3.1 Introduction to the rendering gateway

The AutoNavi rendering gateway mentioned in this article is one of the top applications in terms of business traffic, transformation difficulty, risks, and benefits in our Go applications. The rendering gateway is at the access layer and accounts for half of AutoNavi's total traffic. The importance can be imagined.

Next, briefly introduce the services undertaken by the rendering gateway, so that everyone can have a more three-dimensional understanding.

The rendering gateway undertakes all graphics rendering from sources such as AutoNavi’s mobile apps, cars, and open platforms. When you use AutoNavi, all the graphics of buildings, topographic maps, names, routes, subway stations, bus stops, traffic lights, etc., you see are all exposed to the end by the rendering engine through the rendering gateway. Here are a few pictures, so that everyone can have a more perceptual understanding.

Picture 1 above is before the trip, picture 2 is in the row, picture 3 is the taxi page, and picture 4 is the hand drawing of the scenic spot. The rendering gateway involves many services. The above is only an example, and other services are not mapped here.
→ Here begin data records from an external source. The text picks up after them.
Lemma measure_type_class s (n : 'I_M -> nat) : (\sum_i n i)%N = s ->
  mu [set x | prefix s v x \in type_class s n]
  = (s`!%:R / (\prod_i (n i)`!)%:R * \prod_(i < M) p i ^+ n i)%:E.
Proof.
move=> sn; rewrite prefix_preimage measure_bigcup_finType; last 2 first.
- by move=> f _; apply: measurable_cylinder.
- exact: trivIset_cylinder.
rewrite (eq_bigr (fun f : {ffun 'I_s -> 'I_M} => (\prod_(l < s) p (f l))%:E)).
  by rewrite sumEFin sum_type_class.
by move=> f _; rewrite cylinderE mu_cylinder.
Qed.

Lemma measure_countev t (n : {ffun 'I_M -> 'I_t.+1}) : (\sum_i n i == t)%N ->
  mu (countev v n) = (multprob p n)%:E.
Proof. by move=> /eqP tn; rewrite countevE measure_type_class. Qed.

End word_law.

Theorem theorem3 (R : realType) (d : measure_display) (T : measurableType d)
  (P : probability T R) (m : nat) (p : nat -> R) (rho : R)
  (c : 'I_(2 ^ m) -> m.-tuple bool) (w wd : nat -> T -> 'I_(2 ^ m)) (t : nat) :
  (1 <= m)%N ->
  0 <= rho <= 1 ->
  injective c ->
  (forall i j : 'I_(2 ^ m), (i <= j)%N -> (cost (c i) <= cost (c j))%N) ->
  (forall j, (j.+1 < 2 ^ m)%N -> p j.+1 <= p j) ->
  (forall j, (j < 2 ^ m)%N -> 0 < p j) ->
  (forall j, (j.+1 < 2 ^ m)%N -> Pdec rho c p j.+1 <= Pdec rho c p j) ->
  (forall j, (j < 2 ^ m)%N -> 0 < Pdec rho c p j) ->
  (forall k i, measurable (w k @^-1` [set i])) ->
  (forall k i, measurable (wd k @^-1` [set i])) ->
  (forall (k : nat) (s : 'I_k -> 'I_(2 ^ m)),
     P [set x | forall l : 'I_k, w l x = s l] = (\prod_(l < k) p (s l))%:E) ->
  (forall k x, (k < t)%N -> wd k x = w k x) ->
  (forall n : {ffun 'I_(2 ^ m) -> 'I_t.+1}, stable (2 ^ m) (fnat n) ->
     (P (recurrence w wd t `&` countev w n)
       <= (Abound m p (Pdec rho c p) (fnat n))%:E * P (countev w n))%E) ->
  (P [set x | ~~ stable (2 ^ m) (ecount w t x) \/ recurrence w wd t x]
    <= (\sum_(n : {ffun 'I_(2 ^ m) -> 'I_t.+1}
              | ((\sum_(i < 2 ^ m) nat_of_ord (n i))%N == t) && stable (2 ^ m) (fnat n))
           Abound m p (Pdec rho c p) (fnat n) * multprob p n
        + \sum_(n : {ffun 'I_(2 ^ m) -> 'I_t.+1}
              | ((\sum_(i < 2 ^ m) nat_of_ord (n i))%N == t) && ~~ stable (2 ^ m) (fnat n))
           multprob p n)%:E)%E.
Proof.
move=> _ _ _ _ _ _ _ _ mw mwd P_cylinder _ recurrence_bound.
have m_countev n : measurable (countev w n).
  by rewrite countevE; apply: measurable_prefix_preimage.
have countev_piece n :
    (if stable (2 ^ m) (fnat n) then recurrence w wd t `&` countev w n
     else countev w n) `<=` countev w n.
  by case: ifP => _ x // [].
rewrite unstable_bigcup measure_bigcup_finType; first last.
- move=> n n' _ _ [x [/countev_piece xn /countev_piece xn']].
  exact: countev_inj xn xn'.
- move=> n _; case: ifP => _; last exact: m_countev.
  by apply: measurableI; [exact: measurable_recurrence | exact: m_countev].
rewrite (bigID (fun n => stable (2 ^ m) (fnat n))) /= EFinD -!sumEFin.
apply: leeD; apply: lee_sum => n /andP[tn sn]; rewrite ?sn ?(negbTE sn).
- apply: le_trans (recurrence_bound n sn) _.
  (* [P] is a probability here but a measure in [measure_countev]: the two
     terms are convertible, not syntactically equal, so rewrite cannot see it. *)
  have Pn : P (countev w n) = (multprob p n)%:E := measure_countev mw P_cylinder tn.
  by rewrite Pn EFinM.
- by rewrite (measure_countev mw P_cylinder tn).
Qed.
3.2 Refactoring difficulties

Students who have done refactoring projects believe that they have a deep understanding. refactoring project. One is to ensure the correctness of the business, and the other is to ensure the stability of the service.

To ensure business correctness, generally speaking, most of the reconstructed services are old services. The biggest problems faced by old services are complex historical logic, personnel turnover, and lack of documentation. These factors are the "blockers" in the reconstruction process.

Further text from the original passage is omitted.